15 October 2024
Politics and Fundamentals
Dear Friend:
Every four years as the U.S. Presidential election approaches, clients often express concerns about how to position their portfolios, with suggestions ranging from selling everything to buying certain sectors based on perceived policy benefits. At Noesis, we closely monitor global politics but believe its long-term impact on the economy is overstated. Instead, our focus remains on the fundamentals, valuation, and the long-term outlook of industries and companies.
We have communicated this investment discipline before. For example, in our October 2012 newsletter, prior to President Obama’s reelection, we wrote:
“At Noesis, we continue to make investment decisions based on company fundamentals and valuation, instead of timing markets, as we believe they are the primary drivers of long-term investment success.”
Again, in July 2016, shortly after the Brexit referendum and ahead of President Trump’s election, we stated:
“At this uncertain time, our investment philosophy is even more important as we remain focused on our companies’ fundamentals and long-term prospects.”
And in January 2021, amid the pandemic and after President Biden’s election, we noted:
“We monitor the macro environment but never allow the market sentiment to drive our decisions. We do not believe the markets are always rational and fully efficient in the short term, so we maintain flexibility in the portfolios for possible actions.”

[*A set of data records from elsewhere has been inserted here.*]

(* Define, for $n'\in\mathbb{N}_+$ and $n\in\{0,\dots,n'\}$, $\gamma_{n,n'}=\Big(\sum_{j=0}^{n}\binom{n'}{j}\Big){\rm e}_{n'}$. Then the collection $(\gamma_{n,n'})_{n'\in\mathbb{N}_+,n\in\{0,\dots,n'\}}$ belongs to $\Gamma$ (i.e. satisfies the bound condition).
   Context: $\sigma(x)=\max(0,x)$; $\mathrm{RL}(n,n')$ ($n,n'\in\mathbb{N}_+$) is the set of maps $h:\mathbb{R}^n\to\mathbb{R}^{n'}$, $h(x)_i=\sigma(\langle x,w_i\rangle+b_i)$ for some $W\in\mathbb{R}^{n'\times n}$ with rows $w_i$, $b\in\mathbb{R}^{n'}$; convention: $\mathrm{RL}(0,n')$ are constant maps $\{0\}\to\mathbb{R}^{n'}$ with $\mathcal{H}_{n'}(\mathcal{S}_h)={\rm e}_0$. $S_h(x)_i=1$ iff $\langle x,w_i\rangle+b_i>0$ else $0$; $\mathcal{S}_h=\{S_h(x):x\in\mathbb{R}^n\}$; $|s|=\sum_is_i$. $V$: sequences $(v_j)_{j\in\mathbb{N}}$ of nonnegative integers with finite sum; ${\rm e}_i$ has $({\rm e}_i)_j=\delta_{ij}$; $v\preceq w$ iff $\sum_{j\ge J}v_j\le\sum_{j\ge J}w_j$ for all $J\in\mathbb{N}$; for finite families, $\max_i(v^{(i)})_J=\max_i\sum_{j\ge J}v^{(i)}_j-\max_i\sum_{j\ge J+1}v^{(i)}_j$. $\mathcal{H}_{n'}(\mathcal{S})=(|\{s\in\mathcal{S}:|s|=j\}|)_j$. $\Gamma$ (bound condition): families $(\gamma_{n,n'})_{n'\in\mathbb{N}_+,n\in\{0,\dots,n'\}}$ in $V$ with (i) $\max\{\mathcal{H}_{n'}(\mathcal{S}_h):h\in\mathrm{RL}(n,n')\}\preceq\gamma_{n,n'}$ for all $n'\in\mathbb{N}_+$, $n\in\{0,\dots,n'\}$, and (ii) $n\le\tilde n\le n'\Rightarrow\gamma_{n,n'}\preceq\gamma_{\tilde n,n'}$. *)

From HB Require Import structures.
From mathcomp Require Import all_boot all_order all_algebra.
From mathcomp Require Import boolp reals.
Set Implicit Arguments. Unset Strict Implicit. Unset Printing Implicit Defensive.
Import Order.TTheory GRing.Theory Num.Theory.

(* V : finitely supported sequences of naturals, represented as finite lists
   (v_j := nth 0 v j, zero beyond the list). *)
Definition V := seq nat.
Definition coord (v : V) (j : nat) : nat := nth 0%N v j.
Definition tail (v : V) (J : nat) : nat := (\sum_(J <= j < size v) coord v j)%N.
Definition preceq (v w : V) : Prop := forall J, (tail v J <= tail w J)%N.
Definition scal_e (c i : nat) : V := rcons (nseq i 0%N) c.
Definition e_ (i : nat) : V := scal_e 1 i.

Definition is_max_nat (P : nat -> Prop) (t : nat) : Prop :=
  P t /\ forall u, P u -> (u <= t)%N.
Definition is_maxV (F : V -> Prop) (m : V) : Prop :=
  exists T : nat -> nat,
    (forall J, is_max_nat (fun t => exists v, F v /\ t = tail v J) (T J)) /\
    (forall J, coord m J = T J - T J.+1)%N.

Now in October 2024, we remain consistent in our message to not overemphasize politics. This year’s election is expected to be tight again, with a possible outcome of divided government between the Senate and the House of Representatives. This reduces the likelihood of drastic policy changes and increases the need for compromises. Also, elections are a source of uncertainty, which markets do not like. Historically, markets tend to rise post-election as uncertainty fades, as seen in the Presidential elections since 1980, with the exceptions of the Tech Bubble in 2000 and the Great Financial Crisis in 2008.

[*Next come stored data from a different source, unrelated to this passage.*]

(* Consider unknown functions $\theta_1,\theta_2,\theta_3,\theta_4,\theta_1'$ of $(z,\tau)$ and unknown coefficient functions $\vartheta_2,\vartheta_3,\vartheta_4,\eta$ of $\tau$ alone, subject to the system (S$_z$) and (S$_\tau$) given in the context. This system is compatible (i.e. the mixed derivatives $\partial_\tau\partial_z$ and $\partial_z\partial_\tau$ of each of the five unknowns, computed via the system, agree) if and only if the coefficients satisfy $$\frac{d\vartheta_2}{d\tau}=\frac{i}{\pi}\Big\{\eta+\frac{\pi^2}{12}(\vartheta_3^4+\vartheta_4^4)\Big\}\vartheta_2,\quad \frac{d\vartheta_3}{d\tau}=\frac{i}{\pi}\Big\{\eta+\frac{\pi^2}{12}(\vartheta_3^4+\vartheta_4^4-3\mathbf{B}^4\vartheta_4^4)\Big\}\vartheta_3,$$ $$\frac{d\vartheta_4}{d\tau}=\frac{i}{\pi}\Big\{\eta+\frac{\pi^2}{12}(\vartheta_3^4+\vartheta_4^4-3\mathbf{A}^4\vartheta_3^4)\Big\}\vartheta_4,\quad \frac{d\eta}{d\tau}=\frac{i}{\pi}2\eta^2-\frac{\pi^3}{72}i\big\{\vartheta_3^8+(9\mathbf{A}^4\mathbf{B}^4-6\mathbf{A}^4-6\mathbf{B}^4+2)\vartheta_3^4\vartheta_4^4+\vartheta_4^8\big\},$$ where $\mathbf{A}^4,\mathbf{B}^4$ are defined by $\mathbf{A}^4\vartheta_3^2\theta_1^2=\vartheta_2^2\theta_4^2-\vartheta_4^2\theta_2^2$ and $\mathbf{B}^4\vartheta_4^2\theta_1^2=\vartheta_2^2\theta_3^2-\vartheta_3^2\theta_2^2$, and these are algebraic first integrals of the system: on its solutions $\partial_z\mathbf{A}=\partial_z\mathbf{B}=\partial_\tau\mathbf{A}=\partial_\tau\mathbf{B}=0$. The three functions $(\vartheta_3,\vartheta_4,\eta)$ are differentially closed under these equations.
   Context: Let $\Lambda_0=\eta+\frac{\pi^2}{12}(\vartheta_3^4+\vartheta_4^4)$. System (S$_z$): $\partial_z\theta_1=\theta_1'$; $\partial_z\theta_2=\frac{\theta_1'}{\theta_1}\theta_2-\pi\vartheta_2^2\frac{\theta_3\theta_4}{\theta_1}$; $\partial_z\theta_3=\frac{\theta_1'}{\theta_1}\theta_3-\pi\vartheta_3^2\frac{\theta_2\theta_4}{\theta_1}$; $\partial_z\theta_4=\frac{\theta_1'}{\theta_1}\theta_4-\pi\vartheta_4^2\frac{\theta_2\theta_3}{\theta_1}$; $\partial_z\theta_1'=\frac{\theta_1'^2}{\theta_1}-\pi^2\vartheta_3^2\vartheta_4^2\frac{\theta_2^2}{\theta_1}-4\Lambda_0\theta_1$. System (S$_\tau$): $\partial_\tau\theta_1=\frac{-i}{4\pi}\frac{\theta_1'^2}{\theta_1}+\frac{i\pi}{4}\vartheta_3^2\vartheta_4^2\frac{\theta_2^2}{\theta_1}+\frac i\pi\Lambda_0\theta_1$; $\partial_\tau\theta_2=\frac{-i}{4\pi}\frac{\theta_1'^2}{\theta_1^2}\theta_2+\frac i2\vartheta_2^2\theta_1'\frac{\theta_3\theta_4}{\theta_1^2}+\frac{i\pi}{4}(\vartheta_3^2\vartheta_4^2\theta_2^2-\vartheta_2^2\vartheta_4^2\theta_3^2-\vartheta_2^2\vartheta_3^2\theta_4^2)\frac{\theta_2}{\theta_1^2}+\frac i\pi\Lambda_0\theta_2$; $\partial_\tau\theta_3=\frac{-i}{4\pi}\frac{\theta_1'^2}{\theta_1^2}\theta_3+\frac i2\vartheta_3^2\theta_1'\frac{\theta_2\theta_4}{\theta_1^2}-\frac{i\pi}{4}\vartheta_2^2\vartheta_3^2\frac{\theta_4^2}{\theta_1^2}\theta_3+\frac i\pi\Lambda_0\theta_3$; $\partial_\tau\theta_4=\frac{-i}{4\pi}\frac{\theta_1'^2}{\theta_1^2}\theta_4+\frac i2\vartheta_4^2\theta_1'\frac{\theta_2\theta_3}{\theta_1^2}-\frac{i\pi}{4}\vartheta_2^2\vartheta_4^2\frac{\theta_3^2}{\theta_1^2}\theta_4+\frac i\pi\Lambda_0\theta_4$; $\partial_\tau\theta_1'=\frac{-i}{4\pi}\frac{\theta_1'^3}{\theta_1^2}+\frac{3i}{\pi}\{\frac{\pi^2}{4}\vartheta_3^2\vartheta_4^2\frac{\theta_2^2}{\theta_1^2}+\Lambda_0\}\theta_1'-\frac i2\pi^2\vartheta_2^2\vartheta_3^2\vartheta_4^2\frac{\theta_2\theta_3\theta_4}{\theta_1^2}$. *)

From Stdlib Require Import Reals.
From Coquelicot Require Import Coquelicot.
Open Scope C_scope.

(* A point of the (extended) phase space: values of the five unknowns
   theta_1, theta_2, theta_3, theta_4, theta_1' and of the four
   coefficients vartheta_2, vartheta_3, vartheta_4, eta. *)
Record St : Type := mkSt {
  th1 : C; th2 : C; th3 : C; th4 : C; th1p : C;
  vt2 : C; vt3 : C; vt4 : C; eta : C }.

Definition piC : C := RtoC PI.

Definition shift (p X : St) (s : C) : St :=
  mkSt (th1 p + s * th1 X) (th2 p + s * th2 X) (th3 p + s * th3 X)
       (th4 p + s * th4 X) (th1p p + s * th1p X)
       (vt2 p + s * vt2 X) (vt3 p + s * vt3 X) (vt4 p + s * vt4 X)
       (eta p + s * eta X).

(* Derivative of F along the vector X at p (chain rule / total derivative):
   [c] is the complex derivative at s = 0 of s |-> F (p + s X). *)
Definition DerAlong (F : St -> C) (p X : St) (c : C) : Prop :=
  @is_derive C_AbsRing C_NormedModule (fun s : C => F (shift p X s)) (RtoC 0) c.

Definition Lam0 (p : St) : C :=
  eta p + piC ^ 2 / 12 * (vt3 p ^ 4 + vt4 p ^ 4).

Definition Fz1 (p : St) : C := th1p p.
Definition Fz2 (p : St) : C :=
  th1p p / th1 p * th2 p - piC * vt2 p ^ 2 * (th3 p * th4 p / th1 p).
Definition Fz3 (p : St) : C :=
  th1p p / th1 p * th3 p - piC * vt3 p ^ 2 * (th2 p * th4 p / th1 p).
Definition Fz4 (p : St) : C :=
  th1p p / th1 p * th4 p - piC * vt4 p ^ 2 * (th2 p * th3 p / th1 p).
Definition Fz5 (p : St) : C :=
  th1p p ^ 2 / th1 p - piC ^ 2 * vt3 p ^ 2 * vt4 p ^ 2 * (th2 p ^ 2 / th1 p)
  - 4 * Lam0 p * th1 p.

Definition Ft1 (p : St) : C :=
  - Ci / (4 * piC) * (th1p p ^ 2 / th1 p)
  + Ci * piC / 4 * vt3 p ^ 2 * vt4 p ^ 2 * (th2 p ^ 2 / th1 p)
  + Ci / piC * Lam0 p * th1 p.
Definition Ft2 (p : St) : C :=
  - Ci / (4 * piC) * (th1p p ^ 2 / th1 p ^ 2) * th2 p
  + Ci / 2 * vt2 p ^ 2 * th1p p * (th3 p * th4 p / th1 p ^ 2)
  + Ci * piC / 4 * (vt3 p ^ 2 * vt4 p ^ 2 * th2 p ^ 2
                    - vt2 p ^ 2 * vt4 p ^ 2 * th3 p ^ 2
                    - vt2 p ^ 2 * vt3 p ^ 2 * th4 p ^ 2) * (th2 p / th1 p ^ 2)
  + Ci / piC * Lam0 p * th2 p.
Definition Ft3 (p : St) : C :=
  - Ci / (4 * piC) * (th1p p ^ 2 / th1 p ^ 2) * th3 p
  + Ci / 2 * vt3 p ^ 2 * th1p p * (th2 p * th4 p / th1 p ^ 2)
  - Ci * piC / 4 * vt2 p ^ 2 * vt3 p ^ 2 * (th4 p ^ 2 / th1 p ^ 2) * th3 p
  + Ci / piC * Lam0 p * th3 p.
Definition Ft4 (p : St) : C :=
  - Ci / (4 * piC) * (th1p p ^ 2 / th1 p ^ 2) * th4 p
  + Ci / 2 * vt4 p ^ 2 * th1p p * (th2 p * th3 p / th1 p ^ 2)
  - Ci * piC / 4 * vt2 p ^ 2 * vt4 p ^ 2 * (th3 p ^ 2 / th1 p ^ 2) * th4 p
  + Ci / piC * Lam0 p * th4 p.
Definition Ft5 (p : St) : C :=
  - Ci / (4 * piC) * (th1p p ^ 3 / th1 p ^ 2)
  + 3 * Ci / piC * (piC ^ 2 / 4 * vt3 p ^ 2 * vt4 p ^ 2 * (th2 p ^ 2 / th1 p ^ 2)
                    + Lam0 p) * th1p p
  - Ci / 2 * piC ^ 2 * vt2 p ^ 2 * vt3 p ^ 2 * vt4 p ^ 2
      * (th2 p * th3 p * th4 p / th1 p ^ 2).

(* The z-flow: coefficients do not depend on z. *)
Definition Xz (p : St) : St :=
  mkSt (Fz1 p) (Fz2 p) (Fz3 p) (Fz4 p) (Fz5 p) 0 0 0 0.

(* The tau-flow, where d2 d3 d4 de are the (a priori unknown) values of
   d vartheta_2/d tau, d vartheta_3/d tau, d vartheta_4/d tau, d eta/d tau. *)
Definition Xt (d2 d3 d4 de : C) (p : St) : St :=
  mkSt (Ft1 p) (Ft2 p) (Ft3 p) (Ft4 p) (Ft5 p) d2 d3 d4 de.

Source: Standard & Poor’s, Factset, J.P. Morgan Asset Management
Political support for certain sectors does not necessarily result in their outperformance. For example, President Biden campaigned to reduce the use of fossil fuels and promoted renewables through the Inflation Reduction Act. Whereas President Trump campaigned to support the traditional energy industry. However, actual sector performance was contrary to the perceived policy benefits. Under Trump’s presidency, the Energy sector underperformed, while the Clean Energy sector outperformed. Conversely, under President Biden, the Energy sector rebounded, while the Clean Energy sector fell (see chart below). Ultimately, economic factors such as the supply-demand balance of oil, rising interest rates, and company valuations drove performance more than White House policies.
Source: FactSet, J.P. Morgan Asset Management. data are as of 08/31/2024
Moreover, perceptions of economic conditions can be skewed by political preferences. A survey conducted regularly by the Pew Research Center on the state of the U.S. economy shows that those who identify as Republican rate the economy more favorably during a Republican presidency, while Democrats hold a favorable view under Democratic leadership, as shown in the chart below. Investors would have missed strong market returns if they stayed uninvested due to their partisan view. Yet, despite these large swings in economic perceptions, the U.S. economy has grown at an average rate of 2% through each administration. This highlights that markets and the economy are larger than politics. Consumer spending, which accounts for 68% of the economy, is the main engine. It also reassures that regardless of the promises made before the election, the actual implementation is often less pronounced due to the checks and balances of U.S. democracy.
Source: Pew Research Center, J.P. Morgan Asset Management
Inflation and Interest Rates
Inflation peaked during the summer of 2022, and most components have been trending downward since then. The more persistent service inflation started to decline this year as well, partly driven by wages, which slowed to their long-term average of around 4% growth. The exception is shelter, which measures the price increase of renting or owning a home, and with a high weight of around 33%, it remains the main inflation driver (see chart below).
Source: BLS, FactSet, J.P. Morgan Asset Management
With inflation under control and the labor market slowing, the Federal Reserve (Fed) began cutting interest rates in September. Fixed income markets had already anticipated the Fed’s action, and bond yields gradually adjusted lower starting in July. Outside the U.S., inflation is also declining in Europe, China, and Australia, prompting local central banks to begin reducing interest rates. Over recent quarters, we have increased fixed income allocations in your portfolios in response to rising interest rates and extended duration by purchasing medium- to long-term high-quality bonds. While the peak in yield levels may have passed, real yields – after deducting inflation – remain attractive, and we continue to search for additional opportunities.
Conclusion: Stay Disciplined
We believe investors should not lose focus of the fundamentals of economies, industries, and companies. Economic cycles and market forces, such as inflation and interest rates, are more robust than political shifts and often outweigh any policies or intentions by the White House. Perceptions of economic conditions and the investment environment can be shaped by political preferences and lead to missed opportunities or costly mistakes. We remain committed to our investment discipline, conduct our thorough research, and invest in high-quality businesses at a reasonable price.